* YOUR ASSIGNMENT *
Please repeat, from the entries that follow, the lines from the one containing "Definition witness (m" through the one containing "and the unmarked" exactly, adding nothing.

(Stored dataset items)
==============================
(* Let $M$ be an Artinian $R$-module. If $M$ is an $M$-prime module, then $M$ is a homogeneous semisimple module, i.e. a direct sum of pairwise isomorphic simple modules.
   Context: $R$ is a ring with identity, modules are unital left $R$-modules. For $N\le M$ and a module $X$, $N\cdot X$ is the intersection of the kernels of all homomorphisms $X\to W$ where $W$ ranges over modules with $f(N)=0$ for all $f\in\mathrm{Hom}_R(M,W)$ (for $Y\le X$, $N\cdot Y$ is formed regarding $Y$ as a module). A module $X\neq0$ is an $M$-prime module if for all submodules $N\le M$ and $Y\le X$, $N\cdot Y=0$ implies $N\cdot X=0$ or $Y=0$. *)

From HB Require Import structures.
From Stdlib Require List.
From mathcomp Require Import all_boot all_order all_algebra.
Set Implicit Arguments. Unset Strict Implicit. Unset Printing Implicit Defensive.
Import GRing.Theory.
Local Open Scope ring_scope.

Section ModuleDefs.
Variable R : pzRingType.

Definition is_submod (M : lmodType R) (S : M -> Prop) : Prop :=
  [/\ S 0, (forall x y, S x -> S y -> S (x + y)) & (forall (a : R) x, S x -> S (a *: x))].

(* g : X -> W restricted to the submodule Y is an R-module homomorphism Y -> W.
   (Homomorphisms out of the module Y are represented by functions on X whose
   restriction to Y is R-linear; values outside Y are irrelevant.) *)
Definition hom_on (X W : lmodType R) (Y : X -> Prop) (g : X -> W) : Prop :=
  forall (a : R) x y, Y x -> Y y -> g (a *: x + y) = a *: g x + g y.

Definition kills (M : lmodType R) (N : M -> Prop) (W : lmodType R) : Prop :=
  forall f : M -> W, hom_on (fun _ => True) f -> forall x, N x -> f x = 0.

(* N . Y  (for Y a submodule of X, regarded as a module): the intersection of the
   kernels of all homomorphisms Y -> W, W ranging over modules killed (via Hom(M,W))
   by N. *)
Definition modprod (M : lmodType R) (N : M -> Prop) (X : lmodType R) (Y : X -> Prop)
  : X -> Prop :=
  fun x => Y x /\ forall W : lmodType R, kills N W ->
             forall g : X -> W, hom_on Y g -> g x = 0.
(* (Rohlin's Lemma for isometries) Let $S\subseteq\mathbb N$ be infinite. Then the set $\{g\in{\rm Iso}(\mathbb U): \exists n\in S\ g^n=1\}$ is dense in ${\rm Iso}(\mathbb U)$.
   Context: The Urysohn metric space $\mathbb U$ is, up to isometry, the unique complete separable metric space such that every isometric embedding of a finite metric space $\mathbf A$ into $\mathbb U$ extends to any one-point metric extension $\mathbf A\cup\{y\}$. ${\rm Iso}(\mathbb U)$ is its isometry group with the topology of pointwise convergence (basic neighbourhoods of the identity: $\{h: d(hx,x)<\epsilon\ \forall x\in\mathbf A\}$, $\mathbf A$ finite, $\epsilon>0$). *)

From Stdlib Require Import Reals List.
Open Scope R_scope.

Definition is_metric {X : Type} (d : X -> X -> R) : Prop :=
  (forall x y, 0 <= d x y) /\
  (forall x y, d x y = 0 <-> x = y) /\
  (forall x y, d x y = d y x) /\
  (forall x y z, d x z <= d x y + d y z).

Definition finite_type (A : Type) : Prop :=
  exists l : list A, forall a, In a l.

Definition cauchy_seq {X : Type} (d : X -> X -> R) (u : nat -> X) : Prop :=
  forall eps, 0 < eps -> exists N, forall m n, (N <= m)%nat -> (N <= n)%nat ->
    d (u m) (u n) < eps.

Definition converges_to {X : Type} (d : X -> X -> R) (u : nat -> X) (l : X) : Prop :=
  forall eps, 0 < eps -> exists N, forall n, (N <= n)%nat -> d (u n) l < eps.

Definition complete_metric {X : Type} (d : X -> X -> R) : Prop :=
  forall u, cauchy_seq d u -> exists l, converges_to d u l.

(* Separable: there is a countable dense subset (given as a sequence).
   (For a nonempty space; the Urysohn extension property applied to the
   empty space forces nonemptiness.) *)
Definition separable_metric {X : Type} (d : X -> X -> R) : Prop :=
  exists s : nat -> X, forall x eps, 0 < eps -> exists n, d x (s n) < eps.
(* Let $OPT_{ST}=(T\cup OPT,F)$ be a feasible Steiner tree for the associated Steiner tree instance of a CacAP instance, with $|F|=|OPT|+t-1$ where $OPT$ is an optimal CacAP solution and $t=|T|$, in which every terminal has degree $1$; root it at a Steiner node $r$ adjacent to at least one terminal, and apply the random marking scheme described in the context. Let $\ell$ be a non-root Steiner node, let $\ell_q$ be the lowest proper ancestor of $\ell$ with $t(\ell_q)>0$, let $\ell=\ell_1,\ell_2,\ldots,\ell_q$ ($q\ge 2$) be the simple path from $\ell$ to $\ell_q$, and let $d_i=d(\ell_i)$. Then $$c(\ell)=\sum_{h=1}^{q-2}\frac{(d_{h+1}-1)\,H_{d_1+\cdots+d_h-h+1}}{d_2\cdots d_{h+1}}+\frac{H_{d_1+\cdots+d_{q-1}-q+2}}{d_2\cdots d_{q-1}},$$ where an empty product equals $1$.
   Context: A cactus is a connected undirected multigraph (length-2 cycles allowed) in which every edge belongs to exactly one cycle. A CacAP instance is a cactus $G=(V,E)$ with a link set $L$; $A\subseteq L$ is feasible if $(V,E\cup A)$ is $3$-edge-connected; $OPT$ is a minimum-cardinality feasible solution. For a link $\ell=\{v_0,v_{q+1}\}$, let $v_1,\dots,v_q$ be the nodes of degree $\ge4$ other than $v_0,v_{q+1}$ lying (in order) on every simple $v_0$-$v_{q+1}$ path; the pairs $\{v_i,v_{i+1}\}$ are the projections of $\ell$, each on a distinct cycle. Two links with endpoints on a common cycle $C$ cross if they share an endpoint or a simple path along $C$ between the endpoints of one contains exactly one endpoint of the other as an internal node; general links cross if some of their projections cross. The associated Steiner tree instance $G_{ST}=(T\cup L,E_{ST})$ has terminals $T$ = degree-$2$ nodes of $G$, Steiner nodes $L$, edges $\{\ell,v\}$ for each link $\ell$ with endpoint $v\in T$, and $\{\ell,\ell'\}$ for crossing links. A feasible Steiner tree is a subtree of $G_{ST}$ containing $T$. In the rooted tree $OPT_{ST}$, for a Steiner node $\ell$, $d(\ell)$ is its number of children and $t(\ell)$ its number of terminal children. Marking scheme: independently for each Steiner node $\ell$, if $t(\ell)>0$, one terminal child $v$ of $\ell$ is chosen uniformly at random and the edge $\{\ell,v\}$ is marked; otherwise one child $\ell'$ of $\ell$ is chosen uniformly at random and $\{\ell,\ell'\}$ is marked. All other edges are unmarked. Each Steiner node $\ell$ thus has exactly one marked child edge $m(\ell)$. For an edge $e\in F$, the witness set $W(e)$ is the set of pairs of terminals $\{t',t''\}$ such that the simple $t'$-$t''$ path in $OPT_{ST}$ contains $e$ and exactly one unmarked edge; $w(e)=|W(e)|$. $H_i=1+\frac12+\cdots+\frac1i$ is the $i$-th harmonic number, and the cost of a Steiner node is $c(\ell)=E[H_{w(m(\ell))}]$. *)

From mathcomp Require Import all_boot all_order all_algebra.
Set Implicit Arguments. Unset Strict Implicit. Unset Printing Implicit Defensive.
Import Order.TTheory GRing.Theory Num.Theory.
Local Open Scope ring_scope.

(* The rooted Steiner tree OPT_ST is given by its vertex set V (= T u OPT),
   the terminal set T (Steiner nodes = ~: T), the root r and the parent map
   par (par r = r).  The tree edge {v, par v} (v != r) is identified with
   its lower endpoint v. *)
Section SteinerTree.
Variables (V : finType) (T : {set V}) (r : V) (par : V -> V).

Definition children (v : V) : {set V} := [set u | (u != r) && (par u == v)].
Definition dS (v : V) : nat := #|children v|.
Definition tS (v : V) : nat := #|children v :&: T|.

(* u is an ancestor-or-self of v (depth of a tree on V is < #|V|) *)
Definition anc (u v : V) : bool := [exists n : 'I_#|V|, iter n par v == u].

Definition pathE (t1 t2 : V) : {set V} :=
  [set v | (v != r) && (anc v t1 != anc v t2)].

Definition markedE (m : {ffun V -> V}) : {set V} :=
  [set v | (v != r) && (m (par v) == v)].

Definition witness (m : {ffun V -> V}) (c : V) : {set {set V}} :=
  [set P : {set V} | [exists t1 : V, exists t2 : V,
     [&& t1 \in T, t2 \in T, t1 != t2, P == [set t1; t2],
         c \in pathE t1 t2 & #|pathE t1 t2 :\: markedE m| == 1]]].
Definition w (m : {ffun V -> V}) (c : V) : nat := #|witness m c|.

Definition allowed (l : V) : {set V} :=
  if (0 < tS l)%N then children l :&: T else children l.

(* outcomes of the marking scheme (value on terminals fixed to be a dummy) *)
Definition valid_marking (m : {ffun V -> V}) : bool :=
  [forall v, if v \in T then m v == v else m v \in allowed v].

(* probability of an outcome: independent uniform choices at Steiner nodes *)
Definition mark_prob (R : realFieldType) (m : {ffun V -> V}) : R :=
  \prod_(l in ~: T) (#|allowed l|%:R)^-1.

Definition harm (R : realFieldType) (n : nat) : R :=
  \sum_(1 <= k < n.+1) (k%:R)^-1.

Definition cost (R : realFieldType) (l : V) : R :=
  \sum_(m : {ffun V -> V} | valid_marking m) mark_prob R m * harm R (w m (m l)).

(* d_{i+1} = d(l_{i+1}) where l_{i+1} = par^i l *)
Definition dpath (l : V) (i : nat) : nat := dS (iter i par l).

End SteinerTree.

From mathcomp Require Import all_boot all_order all_algebra.
From mathcomp Require Import zify ring.
Set Implicit Arguments. Unset Strict Implicit. Unset Printing Implicit Defensive.
Import Order.TTheory GRing.Theory Num.Theory.

(* Following marks from any node x leads down along marked edges to a terminal
   mleaf x, and two terminals joined by marked edges only coincide.  Hence the
   terminal pairs whose path contains exactly one unmarked edge c are exactly
   {mleaf (par c), mleaf c}, and w(e) counts the unmarked edges c whose such
   path runs through e.  For e = m(l), let l_k be the highest node of
   l = l_1, l_2, ... joined to l by marked edges; k <= q - 1 because m(l_q) is
   a terminal.  The edges counted are then the edge above l_k and the unmarked
   children of l_1, ..., l_k, so w = d_1 + ... + d_k + 1 - k.  The event k >= h
   fixes the marks of l_2, ..., l_h, independent uniform choices among
   d_2, ..., d_h children, so it has probability 1 / (d_2 ... d_h); summing
   H_w over the levels k = h gives the formula. *)

Lemma card_ffun_in (I J : finType) (F : I -> {set J}) :
  #|[set f : {ffun I -> J} | [forall i, f i \in F i]]| = \prod_(i : I) #|F i|.
Proof.
have := @card_family I (fun _ => J) (fun i => mem (F i)).
rewrite foldrE big_map big_enum /= => <-.
by apply: eq_card => f; rewrite !inE.
Qed.

Lemma sum_by_levels (X : finType) (M : nmodType) (E : nat -> {set X})
    (f : X -> M) (a : nat -> M) (j n : nat) :
  j <= n ->
  (forall h, j <= h < n -> E h.+1 \subset E h) ->
  (forall h x, j <= h < n -> x \in E h :\: E h.+1 -> f x = a h) ->
  (forall x, x \in E n -> f x = a n) ->
  (\sum_(x in E j) f x = \sum_(j <= h < n) a h *+ #|E h :\: E h.+1| + a n *+ #|E n|)%R.
Proof.
move=> jn; move: (n - j) (subnKC jn) => k <-{n jn}.
elim: k j => [|k IH] j sub level top.
  rewrite addn0 in top *; rewrite big_geq // add0r -sumr_const; exact: eq_bigr.
have jj : j <= j < j + k.+1 by rewrite leqnn addnS ltnS leq_addr.
rewrite (big_setID (E j.+1)) /= (setIidPr (sub j jj)) big_ltn ?(andP jj).2 //.
rewrite addrC -addrA; congr (_ + _)%R.
  by rewrite -sumr_const; apply: eq_bigr => x; apply: level.
rewrite -addSnnS; apply: IH => [h hr | h x hr | x].
- by apply: sub; lia.
- by apply: level; lia.
- by rewrite addSnnS; exact: top.
Qed.

Section RootedTree.
Variables (V : finType) (T : {set V}) (r : V) (par : V -> V).
Hypothesis par_root : par r = r.
Hypothesis reach_root : forall v : V, exists n : nat, iter n par v = r.
Hypothesis terminal_leaf : forall t u : V, t \in T -> u != r -> par u != t.

Local Notation anc := (anc par).
Local Notation pathE := (pathE r par).

Lemma iter_par_root n : iter n par r = r.
Proof. by elim: n => //= n ->. Qed.

Definition depth (v : V) : nat :=
  ex_minn (let: ex_intro n e := reach_root v in ex_intro _ n (introT eqP e)).
(* The entry 1 accounts for [term] itself. *)
Definition jet_size (c : R) (k l : Z) (y : R) : R :=
  Rmax 1 (Rmax (Rabs (c * phi' k l y)) (Rabs (c * phi'' k l y + (c * phi' k l y) ^ 2))).

Lemma term_derivs_le_of_jet c k l y B :
  exp (c * phi k l y) * jet_size c k l y <= B -> term_derivs_le c k l y B.
Proof.
  unfold term_derivs_le, term, term', term'', jet_size. intros HB.
  pose proof (exp_pos (c * phi k l y)) as He.
  set (E := exp (c * phi k l y)) in *. set (u := Rabs (c * phi' k l y)) in *.
  set (v := Rabs (c * phi'' k l y + (c * phi' k l y) ^ 2)) in *.
  set (J := Rmax 1 (Rmax u v)) in *.
  assert (H1 : E * 1 <= E * J) by (apply Rmult_le_compat_l; [lra | apply Rmax_l]).
  assert (Hu : E * u <= E * J).
  { apply Rmult_le_compat_l; [lra|].
    apply (Rle_trans _ (Rmax u v)); [apply Rmax_l | apply Rmax_r]. }
  assert (Hv : E * v <= E * J).
  { apply Rmult_le_compat_l; [lra|].
    apply (Rle_trans _ (Rmax u v)); [apply Rmax_r | apply Rmax_r]. }
  rewrite Rabs_mult with (x := c * phi' k l y), Rabs_mult with (y := E), (Rabs_right E) by lra.
  fold u v. split; [|split]; lra.
Qed.

Lemma term_derivs_le_weaken c k l y B B' :
  B <= B' -> term_derivs_le c k l y B -> term_derivs_le c k l y B'.
Proof. unfold term_derivs_le. lra. Qed.

Lemma phi_main_point k l y : main_point k l -> 0 < y ->
  phi k l y = phi_main y /\ phi' k l y = phi_main' y /\ phi'' k l y = phi_main'' y.
Proof.
  intros Hkl Hy. destruct (coef_main_point k l Hkl) as [HP HQ].
  rewrite (phi_decomp k l y Hy). unfold phi_rest, phi', phi''. rewrite HP, HQ.
  split; [|split]; field; lra.
Qed.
==============================
* RESULT FOR THIS TASK *
Definition witness (m : {ffun V -> V}) (c : V) : {set {set V}} :=
  [set P : {set V} | [exists t1 : V, exists t2 : V,
     [&& t1 \in T, t2 \in T, t1 != t2, P == [set t1; t2],
         c \in pathE t1 t2 & #|pathE t1 t2 :\: markedE m| == 1]]].
Definition w (m : {ffun V -> V}) (c : V) : nat := #|witness m c|.

Definition allowed (l : V) : {set V} :=
  if (0 < tS l)%N then children l :&: T else children l.

(* outcomes of the marking scheme (value on terminals fixed to be a dummy) *)
Definition valid_marking (m : {ffun V -> V}) : bool :=
  [forall v, if v \in T then m v == v else m v \in allowed v].

(* probability of an outcome: independent uniform choices at Steiner nodes *)
Definition mark_prob (R : realFieldType) (m : {ffun V -> V}) : R :=
  \prod_(l in ~: T) (#|allowed l|%:R)^-1.

Definition harm (R : realFieldType) (n : nat) : R :=
  \sum_(1 <= k < n.+1) (k%:R)^-1.

Definition cost (R : realFieldType) (l : V) : R :=
  \sum_(m : {ffun V -> V} | valid_marking m) mark_prob R m * harm R (w m (m l)).

(* d_{i+1} = d(l_{i+1}) where l_{i+1} = par^i l *)
Definition dpath (l : V) (i : nat) : nat := dS (iter i par l).

End SteinerTree.

From mathcomp Require Import all_boot all_order all_algebra.
From mathcomp Require Import zify ring.
Set Implicit Arguments. Unset Strict Implicit. Unset Printing Implicit Defensive.
Import Order.TTheory GRing.Theory Num.Theory.

(* Following marks from any node x leads down along marked edges to a terminal
   mleaf x, and two terminals joined by marked edges only coincide.  Hence the
   terminal pairs whose path contains exactly one unmarked edge c are exactly
   {mleaf (par c), mleaf c}, and w(e) counts the unmarked edges c whose such
   path runs through e.  For e = m(l), let l_k be the highest node of
   l = l_1, l_2, ... joined to l by marked edges; k <= q - 1 because m(l_q) is
   a terminal.  The edges counted are then the edge above l_k and the unmarked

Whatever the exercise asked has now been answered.